## TO DO
For the word "Elast", tally the lines of the data that contain it and give the tally alone.
(Beginning of RECORDS PROVIDED)
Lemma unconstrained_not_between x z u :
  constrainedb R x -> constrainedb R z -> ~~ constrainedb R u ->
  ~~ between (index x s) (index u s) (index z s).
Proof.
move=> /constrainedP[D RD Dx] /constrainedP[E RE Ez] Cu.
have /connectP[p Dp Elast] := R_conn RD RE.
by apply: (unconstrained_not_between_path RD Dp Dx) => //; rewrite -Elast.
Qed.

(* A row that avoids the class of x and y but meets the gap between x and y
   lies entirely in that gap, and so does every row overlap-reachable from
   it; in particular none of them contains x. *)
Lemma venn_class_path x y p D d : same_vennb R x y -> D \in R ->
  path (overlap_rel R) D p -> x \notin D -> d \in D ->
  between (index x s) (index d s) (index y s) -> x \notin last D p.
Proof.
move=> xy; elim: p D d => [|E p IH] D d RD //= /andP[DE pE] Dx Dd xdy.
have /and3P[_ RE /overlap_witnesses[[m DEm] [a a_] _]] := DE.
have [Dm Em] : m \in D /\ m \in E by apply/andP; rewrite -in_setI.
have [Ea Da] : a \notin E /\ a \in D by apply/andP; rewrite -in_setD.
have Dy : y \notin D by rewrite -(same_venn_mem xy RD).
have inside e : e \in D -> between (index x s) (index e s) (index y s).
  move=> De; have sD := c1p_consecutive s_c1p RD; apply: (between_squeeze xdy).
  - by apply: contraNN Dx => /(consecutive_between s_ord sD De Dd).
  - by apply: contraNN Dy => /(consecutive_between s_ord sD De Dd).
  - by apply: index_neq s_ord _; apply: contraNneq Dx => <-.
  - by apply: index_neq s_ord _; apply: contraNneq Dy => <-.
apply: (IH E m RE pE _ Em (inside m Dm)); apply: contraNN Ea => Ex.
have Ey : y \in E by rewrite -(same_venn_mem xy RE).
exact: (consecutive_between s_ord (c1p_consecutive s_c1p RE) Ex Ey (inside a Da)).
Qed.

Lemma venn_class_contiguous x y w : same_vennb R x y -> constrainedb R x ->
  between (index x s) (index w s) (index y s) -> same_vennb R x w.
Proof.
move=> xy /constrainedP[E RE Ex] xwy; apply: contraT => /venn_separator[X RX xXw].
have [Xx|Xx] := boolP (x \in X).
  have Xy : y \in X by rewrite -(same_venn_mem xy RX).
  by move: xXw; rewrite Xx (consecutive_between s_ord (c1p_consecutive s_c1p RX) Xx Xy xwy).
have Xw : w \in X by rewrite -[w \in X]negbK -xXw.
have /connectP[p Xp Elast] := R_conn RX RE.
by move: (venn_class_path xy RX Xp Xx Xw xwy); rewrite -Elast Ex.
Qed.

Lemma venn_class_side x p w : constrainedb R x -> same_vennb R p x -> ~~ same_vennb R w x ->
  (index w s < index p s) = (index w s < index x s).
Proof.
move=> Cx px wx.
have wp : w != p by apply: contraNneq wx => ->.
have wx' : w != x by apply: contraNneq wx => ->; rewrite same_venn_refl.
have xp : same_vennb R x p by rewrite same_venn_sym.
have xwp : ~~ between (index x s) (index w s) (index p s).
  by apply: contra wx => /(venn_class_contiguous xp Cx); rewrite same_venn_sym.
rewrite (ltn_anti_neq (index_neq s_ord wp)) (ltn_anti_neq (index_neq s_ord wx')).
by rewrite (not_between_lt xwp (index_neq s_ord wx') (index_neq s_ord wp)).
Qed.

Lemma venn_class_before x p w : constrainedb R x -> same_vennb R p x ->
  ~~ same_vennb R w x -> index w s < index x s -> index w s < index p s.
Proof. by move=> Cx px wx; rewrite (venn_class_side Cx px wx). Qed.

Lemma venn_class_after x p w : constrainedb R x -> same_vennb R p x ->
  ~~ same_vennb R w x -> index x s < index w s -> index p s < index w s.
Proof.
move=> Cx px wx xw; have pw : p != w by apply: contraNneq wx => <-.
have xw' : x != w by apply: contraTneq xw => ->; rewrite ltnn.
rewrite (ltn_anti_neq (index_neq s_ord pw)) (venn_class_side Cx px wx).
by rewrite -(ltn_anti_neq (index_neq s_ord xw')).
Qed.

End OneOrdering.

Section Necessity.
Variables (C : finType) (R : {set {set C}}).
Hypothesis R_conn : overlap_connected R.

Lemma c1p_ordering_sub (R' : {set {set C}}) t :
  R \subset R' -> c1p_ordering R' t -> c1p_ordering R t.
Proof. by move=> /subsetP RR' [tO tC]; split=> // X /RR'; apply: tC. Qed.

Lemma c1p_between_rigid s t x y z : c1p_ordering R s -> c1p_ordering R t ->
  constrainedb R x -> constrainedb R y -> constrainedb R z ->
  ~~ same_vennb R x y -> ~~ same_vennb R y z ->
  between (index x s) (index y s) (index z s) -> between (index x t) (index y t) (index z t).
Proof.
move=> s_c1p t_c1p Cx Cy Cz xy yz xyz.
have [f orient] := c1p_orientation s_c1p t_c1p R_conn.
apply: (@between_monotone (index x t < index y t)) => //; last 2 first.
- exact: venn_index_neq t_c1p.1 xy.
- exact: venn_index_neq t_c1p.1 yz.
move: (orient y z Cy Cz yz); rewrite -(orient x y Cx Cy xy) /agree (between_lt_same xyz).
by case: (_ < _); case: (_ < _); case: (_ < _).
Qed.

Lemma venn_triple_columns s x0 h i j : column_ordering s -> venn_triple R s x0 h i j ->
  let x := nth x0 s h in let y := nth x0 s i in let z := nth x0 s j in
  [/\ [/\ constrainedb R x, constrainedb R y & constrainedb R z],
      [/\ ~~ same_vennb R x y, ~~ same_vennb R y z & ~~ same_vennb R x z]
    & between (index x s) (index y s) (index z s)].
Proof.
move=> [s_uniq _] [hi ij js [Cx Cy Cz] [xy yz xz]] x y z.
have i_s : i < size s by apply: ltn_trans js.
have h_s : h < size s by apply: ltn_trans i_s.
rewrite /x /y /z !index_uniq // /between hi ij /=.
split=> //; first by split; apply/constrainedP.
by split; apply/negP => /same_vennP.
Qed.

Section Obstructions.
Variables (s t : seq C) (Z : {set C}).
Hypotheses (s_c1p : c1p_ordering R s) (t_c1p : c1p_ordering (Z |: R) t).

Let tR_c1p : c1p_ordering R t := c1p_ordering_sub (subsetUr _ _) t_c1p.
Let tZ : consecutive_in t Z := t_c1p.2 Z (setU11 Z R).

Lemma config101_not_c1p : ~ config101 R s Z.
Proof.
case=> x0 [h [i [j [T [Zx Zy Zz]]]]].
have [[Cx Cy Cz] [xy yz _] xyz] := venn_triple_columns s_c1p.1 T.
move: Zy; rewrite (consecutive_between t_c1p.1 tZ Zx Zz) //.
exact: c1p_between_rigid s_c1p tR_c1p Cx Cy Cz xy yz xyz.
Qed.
(End of RECORDS PROVIDED)
(Beginning of RECORDS PROVIDED)
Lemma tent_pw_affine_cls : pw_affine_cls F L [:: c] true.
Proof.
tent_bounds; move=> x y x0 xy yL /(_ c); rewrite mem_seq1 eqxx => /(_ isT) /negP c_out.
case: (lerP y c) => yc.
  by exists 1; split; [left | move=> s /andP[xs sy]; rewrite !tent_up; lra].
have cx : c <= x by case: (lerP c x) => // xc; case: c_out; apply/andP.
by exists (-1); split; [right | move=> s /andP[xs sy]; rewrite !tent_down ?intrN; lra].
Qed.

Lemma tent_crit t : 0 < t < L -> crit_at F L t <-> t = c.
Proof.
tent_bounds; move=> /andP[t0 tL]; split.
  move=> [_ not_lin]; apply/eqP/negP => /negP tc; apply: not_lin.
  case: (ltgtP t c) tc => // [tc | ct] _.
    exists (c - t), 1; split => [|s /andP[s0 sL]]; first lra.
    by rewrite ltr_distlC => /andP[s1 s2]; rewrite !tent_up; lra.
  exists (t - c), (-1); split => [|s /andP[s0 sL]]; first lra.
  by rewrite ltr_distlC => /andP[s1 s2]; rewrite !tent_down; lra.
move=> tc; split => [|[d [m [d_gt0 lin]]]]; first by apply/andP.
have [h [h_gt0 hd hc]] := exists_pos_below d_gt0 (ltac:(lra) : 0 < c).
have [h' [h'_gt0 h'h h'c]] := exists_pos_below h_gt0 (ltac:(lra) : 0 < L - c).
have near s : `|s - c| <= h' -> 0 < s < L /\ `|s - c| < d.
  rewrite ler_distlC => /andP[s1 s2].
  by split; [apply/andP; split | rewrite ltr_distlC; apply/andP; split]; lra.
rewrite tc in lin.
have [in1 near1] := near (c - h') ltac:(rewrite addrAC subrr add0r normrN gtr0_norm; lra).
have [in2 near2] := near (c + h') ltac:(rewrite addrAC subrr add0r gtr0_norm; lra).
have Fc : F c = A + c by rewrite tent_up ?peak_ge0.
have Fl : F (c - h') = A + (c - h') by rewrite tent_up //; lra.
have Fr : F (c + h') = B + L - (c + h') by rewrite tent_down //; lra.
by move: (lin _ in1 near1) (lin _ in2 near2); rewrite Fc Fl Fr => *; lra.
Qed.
(End of RECORDS PROVIDED)
## PROBLEM SOLUTION
4